#### [Task data]
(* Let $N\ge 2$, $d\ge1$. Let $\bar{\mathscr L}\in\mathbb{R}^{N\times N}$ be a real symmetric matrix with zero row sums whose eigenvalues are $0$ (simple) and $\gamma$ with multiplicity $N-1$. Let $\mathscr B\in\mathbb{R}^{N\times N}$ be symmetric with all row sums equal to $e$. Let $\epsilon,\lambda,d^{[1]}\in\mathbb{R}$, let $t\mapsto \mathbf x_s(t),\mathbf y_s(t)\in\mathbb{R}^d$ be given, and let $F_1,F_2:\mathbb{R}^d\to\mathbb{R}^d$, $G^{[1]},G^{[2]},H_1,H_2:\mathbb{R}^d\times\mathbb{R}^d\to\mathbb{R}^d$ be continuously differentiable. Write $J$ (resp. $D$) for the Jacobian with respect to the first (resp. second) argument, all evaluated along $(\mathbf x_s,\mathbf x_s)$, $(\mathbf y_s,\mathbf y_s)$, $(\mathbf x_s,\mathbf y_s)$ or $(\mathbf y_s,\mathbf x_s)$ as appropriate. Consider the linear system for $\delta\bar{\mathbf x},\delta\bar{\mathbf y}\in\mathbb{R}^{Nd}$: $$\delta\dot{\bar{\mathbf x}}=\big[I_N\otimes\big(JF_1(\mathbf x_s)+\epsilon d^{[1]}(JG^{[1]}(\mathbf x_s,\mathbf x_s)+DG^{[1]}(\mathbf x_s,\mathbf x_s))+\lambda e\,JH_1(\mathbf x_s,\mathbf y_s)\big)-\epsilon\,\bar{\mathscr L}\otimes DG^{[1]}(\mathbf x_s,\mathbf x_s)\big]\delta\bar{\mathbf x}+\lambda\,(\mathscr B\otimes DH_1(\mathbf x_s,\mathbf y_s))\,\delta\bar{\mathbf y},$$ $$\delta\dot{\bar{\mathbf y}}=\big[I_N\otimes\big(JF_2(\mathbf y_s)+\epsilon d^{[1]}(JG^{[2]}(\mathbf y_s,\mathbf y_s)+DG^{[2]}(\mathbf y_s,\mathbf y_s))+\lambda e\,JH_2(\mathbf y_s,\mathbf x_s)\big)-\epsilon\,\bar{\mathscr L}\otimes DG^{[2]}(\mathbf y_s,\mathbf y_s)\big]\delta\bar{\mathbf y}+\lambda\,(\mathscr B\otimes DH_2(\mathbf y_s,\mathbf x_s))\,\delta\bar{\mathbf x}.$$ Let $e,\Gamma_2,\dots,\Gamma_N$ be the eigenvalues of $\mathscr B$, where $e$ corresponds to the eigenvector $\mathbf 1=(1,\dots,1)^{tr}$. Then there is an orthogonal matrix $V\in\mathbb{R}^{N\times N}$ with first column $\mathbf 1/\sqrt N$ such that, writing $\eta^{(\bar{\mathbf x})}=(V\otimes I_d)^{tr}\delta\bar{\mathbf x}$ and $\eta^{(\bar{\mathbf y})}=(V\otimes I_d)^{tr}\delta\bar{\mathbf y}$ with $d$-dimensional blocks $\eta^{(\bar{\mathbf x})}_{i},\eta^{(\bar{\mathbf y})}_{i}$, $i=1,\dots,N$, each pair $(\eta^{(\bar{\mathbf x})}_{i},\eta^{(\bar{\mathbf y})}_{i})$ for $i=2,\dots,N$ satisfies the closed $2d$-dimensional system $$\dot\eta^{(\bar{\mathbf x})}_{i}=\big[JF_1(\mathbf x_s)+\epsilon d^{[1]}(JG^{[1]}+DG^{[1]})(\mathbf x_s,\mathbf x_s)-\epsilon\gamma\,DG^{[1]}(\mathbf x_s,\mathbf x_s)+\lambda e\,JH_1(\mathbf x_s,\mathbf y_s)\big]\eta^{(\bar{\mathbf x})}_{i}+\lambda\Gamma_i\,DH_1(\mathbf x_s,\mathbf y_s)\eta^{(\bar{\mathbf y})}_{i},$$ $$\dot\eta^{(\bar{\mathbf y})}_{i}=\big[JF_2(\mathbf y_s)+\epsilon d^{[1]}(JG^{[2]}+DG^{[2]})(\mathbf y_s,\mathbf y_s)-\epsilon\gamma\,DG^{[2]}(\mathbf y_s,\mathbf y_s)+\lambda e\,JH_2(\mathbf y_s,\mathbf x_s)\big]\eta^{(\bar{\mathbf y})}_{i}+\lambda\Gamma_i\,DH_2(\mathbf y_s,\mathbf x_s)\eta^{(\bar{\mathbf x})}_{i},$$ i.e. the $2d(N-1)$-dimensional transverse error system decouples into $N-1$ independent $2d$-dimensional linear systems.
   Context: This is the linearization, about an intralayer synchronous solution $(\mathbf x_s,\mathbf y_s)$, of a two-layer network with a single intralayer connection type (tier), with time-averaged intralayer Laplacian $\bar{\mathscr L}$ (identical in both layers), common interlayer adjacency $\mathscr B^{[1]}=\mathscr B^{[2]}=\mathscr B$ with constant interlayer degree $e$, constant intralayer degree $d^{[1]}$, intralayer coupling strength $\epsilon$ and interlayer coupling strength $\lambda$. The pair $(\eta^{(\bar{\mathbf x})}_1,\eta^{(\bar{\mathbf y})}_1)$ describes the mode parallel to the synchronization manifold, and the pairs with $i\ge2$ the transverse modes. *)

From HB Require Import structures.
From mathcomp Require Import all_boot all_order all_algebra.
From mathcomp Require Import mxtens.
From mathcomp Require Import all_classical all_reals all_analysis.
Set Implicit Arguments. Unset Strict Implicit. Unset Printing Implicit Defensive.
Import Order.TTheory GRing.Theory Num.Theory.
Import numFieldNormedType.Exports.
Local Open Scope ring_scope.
---
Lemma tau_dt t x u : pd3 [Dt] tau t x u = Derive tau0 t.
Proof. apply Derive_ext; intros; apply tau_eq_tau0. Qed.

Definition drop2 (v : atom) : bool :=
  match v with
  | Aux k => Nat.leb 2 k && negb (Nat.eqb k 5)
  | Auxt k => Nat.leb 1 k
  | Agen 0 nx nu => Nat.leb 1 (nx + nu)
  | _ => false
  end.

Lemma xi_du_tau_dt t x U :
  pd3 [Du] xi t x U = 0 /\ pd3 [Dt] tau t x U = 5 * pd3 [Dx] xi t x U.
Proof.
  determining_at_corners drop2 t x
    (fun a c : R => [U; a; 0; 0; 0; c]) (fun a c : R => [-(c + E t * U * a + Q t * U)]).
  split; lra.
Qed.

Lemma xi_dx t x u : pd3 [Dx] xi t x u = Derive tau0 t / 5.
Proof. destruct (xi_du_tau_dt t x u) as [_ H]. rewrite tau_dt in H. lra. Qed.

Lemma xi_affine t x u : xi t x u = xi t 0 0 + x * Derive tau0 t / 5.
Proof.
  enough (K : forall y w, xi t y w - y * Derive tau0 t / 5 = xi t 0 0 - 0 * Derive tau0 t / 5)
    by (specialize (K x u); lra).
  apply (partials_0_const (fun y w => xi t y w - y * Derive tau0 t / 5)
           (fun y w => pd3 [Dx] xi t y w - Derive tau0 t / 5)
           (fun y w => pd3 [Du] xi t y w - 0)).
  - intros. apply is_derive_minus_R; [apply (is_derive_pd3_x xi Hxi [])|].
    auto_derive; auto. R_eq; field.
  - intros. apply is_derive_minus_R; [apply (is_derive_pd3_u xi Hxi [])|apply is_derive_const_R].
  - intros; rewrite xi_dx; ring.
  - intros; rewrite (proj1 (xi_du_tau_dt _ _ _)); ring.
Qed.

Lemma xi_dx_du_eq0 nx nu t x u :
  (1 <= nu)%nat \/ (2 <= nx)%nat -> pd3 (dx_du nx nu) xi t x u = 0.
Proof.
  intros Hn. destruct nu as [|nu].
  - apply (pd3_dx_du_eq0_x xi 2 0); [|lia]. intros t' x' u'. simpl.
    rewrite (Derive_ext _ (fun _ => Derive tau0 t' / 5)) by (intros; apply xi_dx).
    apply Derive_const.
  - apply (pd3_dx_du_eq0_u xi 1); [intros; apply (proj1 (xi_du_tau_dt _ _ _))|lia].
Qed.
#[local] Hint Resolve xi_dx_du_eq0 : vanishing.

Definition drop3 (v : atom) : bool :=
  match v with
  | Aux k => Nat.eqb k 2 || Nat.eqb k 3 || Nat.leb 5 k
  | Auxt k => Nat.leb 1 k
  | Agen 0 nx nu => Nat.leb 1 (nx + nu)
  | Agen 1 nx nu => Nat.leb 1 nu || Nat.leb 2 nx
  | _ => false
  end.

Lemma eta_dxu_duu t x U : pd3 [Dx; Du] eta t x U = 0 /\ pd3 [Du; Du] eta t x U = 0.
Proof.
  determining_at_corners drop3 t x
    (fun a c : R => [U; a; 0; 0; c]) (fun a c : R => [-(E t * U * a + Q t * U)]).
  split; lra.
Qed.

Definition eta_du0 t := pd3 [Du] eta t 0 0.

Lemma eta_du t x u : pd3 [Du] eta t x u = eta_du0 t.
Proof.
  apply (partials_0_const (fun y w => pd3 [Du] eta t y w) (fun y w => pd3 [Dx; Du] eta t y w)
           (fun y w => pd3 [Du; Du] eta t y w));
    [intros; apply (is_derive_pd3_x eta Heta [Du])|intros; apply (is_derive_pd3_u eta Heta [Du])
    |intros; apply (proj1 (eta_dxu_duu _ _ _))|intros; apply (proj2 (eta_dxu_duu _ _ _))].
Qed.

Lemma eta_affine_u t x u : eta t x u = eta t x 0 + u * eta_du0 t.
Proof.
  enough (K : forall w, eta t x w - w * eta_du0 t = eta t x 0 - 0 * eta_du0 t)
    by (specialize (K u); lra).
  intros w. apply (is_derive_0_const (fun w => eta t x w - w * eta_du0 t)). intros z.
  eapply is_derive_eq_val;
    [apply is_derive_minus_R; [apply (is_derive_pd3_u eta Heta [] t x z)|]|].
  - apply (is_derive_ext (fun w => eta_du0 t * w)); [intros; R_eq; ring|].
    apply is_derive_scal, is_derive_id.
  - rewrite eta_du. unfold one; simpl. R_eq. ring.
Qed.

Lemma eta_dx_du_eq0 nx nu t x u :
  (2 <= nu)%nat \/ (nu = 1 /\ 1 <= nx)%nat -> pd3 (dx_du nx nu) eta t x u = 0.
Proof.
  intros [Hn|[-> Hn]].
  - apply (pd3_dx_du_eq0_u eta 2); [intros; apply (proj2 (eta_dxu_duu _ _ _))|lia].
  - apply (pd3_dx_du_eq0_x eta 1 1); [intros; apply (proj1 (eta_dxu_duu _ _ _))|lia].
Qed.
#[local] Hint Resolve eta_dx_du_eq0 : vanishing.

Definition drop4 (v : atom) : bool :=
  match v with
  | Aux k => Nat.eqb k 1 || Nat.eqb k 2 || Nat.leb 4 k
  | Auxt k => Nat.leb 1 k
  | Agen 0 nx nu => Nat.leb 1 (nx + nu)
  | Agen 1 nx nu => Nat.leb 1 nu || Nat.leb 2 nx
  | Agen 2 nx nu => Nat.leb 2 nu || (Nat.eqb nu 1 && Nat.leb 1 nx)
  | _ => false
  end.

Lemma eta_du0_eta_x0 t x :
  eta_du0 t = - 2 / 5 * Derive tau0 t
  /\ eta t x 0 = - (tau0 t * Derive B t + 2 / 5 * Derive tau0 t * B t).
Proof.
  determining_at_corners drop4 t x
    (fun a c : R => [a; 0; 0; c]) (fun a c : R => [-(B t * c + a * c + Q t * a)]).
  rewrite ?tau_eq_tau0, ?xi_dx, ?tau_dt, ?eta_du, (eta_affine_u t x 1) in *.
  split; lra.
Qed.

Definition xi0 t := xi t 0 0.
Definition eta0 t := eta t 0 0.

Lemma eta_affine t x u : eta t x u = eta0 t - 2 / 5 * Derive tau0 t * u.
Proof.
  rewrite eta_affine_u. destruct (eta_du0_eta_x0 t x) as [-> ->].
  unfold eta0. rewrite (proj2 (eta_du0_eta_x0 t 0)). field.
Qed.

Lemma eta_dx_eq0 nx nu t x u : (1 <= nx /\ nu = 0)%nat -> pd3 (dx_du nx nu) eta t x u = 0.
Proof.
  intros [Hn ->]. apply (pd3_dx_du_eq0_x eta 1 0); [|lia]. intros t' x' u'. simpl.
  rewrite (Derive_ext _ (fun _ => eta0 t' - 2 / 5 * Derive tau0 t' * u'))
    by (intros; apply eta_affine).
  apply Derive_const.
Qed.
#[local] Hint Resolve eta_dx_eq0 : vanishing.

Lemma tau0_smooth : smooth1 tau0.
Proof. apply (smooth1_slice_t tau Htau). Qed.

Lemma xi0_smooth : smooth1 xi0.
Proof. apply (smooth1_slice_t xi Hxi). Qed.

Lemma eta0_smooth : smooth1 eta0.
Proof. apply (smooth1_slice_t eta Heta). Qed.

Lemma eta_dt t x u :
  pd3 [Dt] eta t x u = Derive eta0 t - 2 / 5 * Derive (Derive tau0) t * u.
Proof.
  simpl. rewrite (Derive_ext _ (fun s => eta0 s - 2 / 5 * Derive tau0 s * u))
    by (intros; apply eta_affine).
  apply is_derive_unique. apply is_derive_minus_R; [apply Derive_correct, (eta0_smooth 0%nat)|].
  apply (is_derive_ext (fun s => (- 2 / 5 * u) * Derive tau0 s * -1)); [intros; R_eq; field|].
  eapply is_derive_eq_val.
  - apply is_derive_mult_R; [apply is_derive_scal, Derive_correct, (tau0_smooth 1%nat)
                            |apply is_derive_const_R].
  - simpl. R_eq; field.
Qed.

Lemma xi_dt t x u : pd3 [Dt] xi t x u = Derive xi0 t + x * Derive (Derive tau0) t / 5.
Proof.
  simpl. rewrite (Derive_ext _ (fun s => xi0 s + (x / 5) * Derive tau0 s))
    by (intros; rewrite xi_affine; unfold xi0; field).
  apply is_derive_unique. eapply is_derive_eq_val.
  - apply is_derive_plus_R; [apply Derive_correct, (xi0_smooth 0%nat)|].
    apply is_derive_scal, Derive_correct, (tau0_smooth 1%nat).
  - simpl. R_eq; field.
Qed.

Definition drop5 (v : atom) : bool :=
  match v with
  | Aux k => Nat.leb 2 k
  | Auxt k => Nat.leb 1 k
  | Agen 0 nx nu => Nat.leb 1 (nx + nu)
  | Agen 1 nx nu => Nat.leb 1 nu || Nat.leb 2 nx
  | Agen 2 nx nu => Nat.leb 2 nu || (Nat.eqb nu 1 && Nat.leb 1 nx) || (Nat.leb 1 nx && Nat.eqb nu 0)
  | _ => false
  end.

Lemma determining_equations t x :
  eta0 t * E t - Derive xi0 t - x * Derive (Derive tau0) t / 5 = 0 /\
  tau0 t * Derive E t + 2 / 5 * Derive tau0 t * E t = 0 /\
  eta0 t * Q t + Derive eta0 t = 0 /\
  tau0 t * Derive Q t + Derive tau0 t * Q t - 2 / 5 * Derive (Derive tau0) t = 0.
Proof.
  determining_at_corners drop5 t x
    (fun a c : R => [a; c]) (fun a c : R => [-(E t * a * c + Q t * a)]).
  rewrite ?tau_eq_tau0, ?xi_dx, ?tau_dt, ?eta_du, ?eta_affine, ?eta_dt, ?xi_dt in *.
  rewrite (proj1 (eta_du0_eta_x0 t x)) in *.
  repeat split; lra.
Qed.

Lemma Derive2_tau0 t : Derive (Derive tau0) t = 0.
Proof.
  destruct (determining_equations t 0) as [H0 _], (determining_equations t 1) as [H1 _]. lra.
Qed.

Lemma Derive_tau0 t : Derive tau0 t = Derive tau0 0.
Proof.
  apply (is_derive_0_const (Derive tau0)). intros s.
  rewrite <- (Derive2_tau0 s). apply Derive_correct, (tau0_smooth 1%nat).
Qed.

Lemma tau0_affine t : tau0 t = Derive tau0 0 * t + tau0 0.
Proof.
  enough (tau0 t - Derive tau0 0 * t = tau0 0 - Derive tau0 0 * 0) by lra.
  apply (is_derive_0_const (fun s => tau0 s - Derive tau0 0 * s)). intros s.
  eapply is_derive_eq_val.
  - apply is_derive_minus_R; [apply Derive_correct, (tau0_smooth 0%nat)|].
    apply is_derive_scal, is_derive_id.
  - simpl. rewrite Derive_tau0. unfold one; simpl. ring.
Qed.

#### [Your objective]
Wherever the word "Hint" shows up in the material, copy the line it is on.

#### [Exercise output]
#[local] Hint Resolve xi_dx_du_eq0 : vanishing.
#[local] Hint Resolve eta_dx_du_eq0 : vanishing.
#[local] Hint Resolve eta_dx_eq0 : vanishing.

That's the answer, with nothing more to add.